You don't need anything that complicated. You can just change the program to let retval return 0, if it would ever return a negative number.
The other problem with the program is that it is too slow, because it calls expval many times with the same arguments. You'll need memoization.
if you put

rom functools import cache
@cache

before the definition of expval (and drop the redundant cards(b,r) definition) this will compute instantaneously, instead of never.

 

[FactChecker]

The other problem with the program is that it is too slow, because it calls expval many times with the same arguments.

Does it? It seems that every call will have one fewer red or one fewer black -- never repeating the same two arguments.

 

[PeroK]

One principle is that as more cards are drawn the winnings that you will settle for must reduce. The first strategy to test is the quit as soon as you are 1 card ahead. You could calculate how much that wins.

The next strategy is to quit when you are two cards ahead until some point and then quit when you are one card ahead after that point. You have one variable here. If you optimise that then does that fix the point at which you drop to one card?

Then, you quit three cards ahead, then two then one. That means two variable points. But, we already have the optimum point for the switch from 2 to 1. Now we calculate the optimum point for the switch from 3 to 2.

We continue until the optimum point is as early as possible.

My guess is that we would quit at 3 cards ahead after 3 cards, then 2 cards ahead at some point and 1 card ahead at some final point. I doubt it would be worth gambling if you 3 cards ahead, possibly 4 at the very maximum and perhaps a maximum of 2 would be optimal.

 

[Borg]

That's why I thought it would be an interesting ML program. It would also take into account how many cards of each type are remaining when it decides whether to quit.

 

[FactChecker]

As soon as you are ahead, without replacement, the odds turn against you, and if you continue to draw all the cards, then you will only break even. The converse is that if you are behind, then the odds turn in your favor and you know that you can always break even by continuing to draw all the cards.
So I think that the optimum strategy is to continue until you are ahead and then stop immediately (or until there are no more cards)
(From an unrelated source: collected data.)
Lemma interp_defect_newton (c : 'rV[L]_m) :
  interp_defect (c *m newton_mx) = \row_i (c 0 i * newton i (tau i)).
Proof.
apply/rowP => i; rewrite !mxE.
under [X in _ - X]eq_bigr => j _ do rewrite mxE mulr_suml.
under [X in _ - X]eq_bigr => j _ do under eq_bigr => l _ do rewrite -mulrA newton_mxE.
under [X in X - _]eq_bigr => l _ do rewrite newton_mxE.
rewrite exchange_big /= -sumrB.
under eq_bigr => l _ do rewrite -mulr_sumr -mulrBr newton_interp.
rewrite (bigD1 i) //= eqxx big1 ?addr0 // => l li.
by rewrite (negPf li) mulr0.
Qed.

Lemma Tspan_newtonE eta :
  Tspan newton_mx eta <-> forall i, vge (phi v tau i) (interp_defect eta 0 i).
Proof.
have phiE i : phi v tau i = 0 + v (newton i (tau i)).
  by rewrite add0r; case: (dval_newton (leqnn i)).
split=> [[c [Tc ->]] i|dP].
  by rewrite interp_defect_newton mxE phiE vgeMr ?newton_diag_neq0.
exists (eta *m invmx newton_mx); rewrite mulmxKV ?newton_mx_unit //; split=> // i.
have := dP i; rewrite -{1}(mulmxKV newton_mx_unit eta) interp_defect_newton mxE.
by rewrite phiE vgeMr ?newton_diag_neq0.
Qed.

Lemma Tspan_newton_interpE eta :
  Tspan newton_mx eta <->
  (forall j, inT v (eta 0 j)) /\
  forall i : 'I_m, in_tpow v t (phi v tau i)
    (eta 0 i - \sum_(j < m | (j < i)%N) eta 0 j * Lcoef tau j i).
Proof.
have defectE i : interp_defect eta 0 i =
    eta 0 i - \sum_(j < m | (j < i)%N) eta 0 j * Lcoef tau j i by rewrite mxE.
split=> [Seta|[_ Deta]]; last by apply/Tspan_newtonE => i; rewrite defectE -in_tpowE.
split=> [j|i]; last by rewrite in_tpowE -defectE; move/Tspan_newtonE: Seta.
have [c [Tc ->]] := Seta; apply: vge_mulmx => [? ?|? ?]; first by rewrite ord1.
by rewrite newton_mxE; apply: vge_newton.
Qed.

Lemma newton_basis : is_T_basis v (Tspan newton_mx) (fun i : 'I_m => newton_row i).
Proof.
rewrite (_ : (fun i : 'I_m => newton_row i) = fun i => row i newton_mx).
  exact: Tspan_basis newton_mx_unit.
by apply: functional_extensionality => i; rewrite rowK.
Qed.

Lemma Tspan_newton_row (i : nat) : Tspan newton_mx (newton_row i).
Proof.
have [im|mi] := ltnP i m; last by rewrite newton_row_eq0 //; apply: Tspan0.
by have := Tspan_row newton_mx (Ordinal im); rewrite rowK.
Qed.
UPDATE: @Borg has pointed out the error of this thinking. See posts #15 and #16.

 

[Borg]

I don't think that it's that simple. The ultimate goal in machine learning is to maximize outcomes. Since there are cases where you can earn more than $1, there is the possibility of earning more if there are still good cards left. Over thousands of games, it will learn when to try for more in order to increase the total amount won per game.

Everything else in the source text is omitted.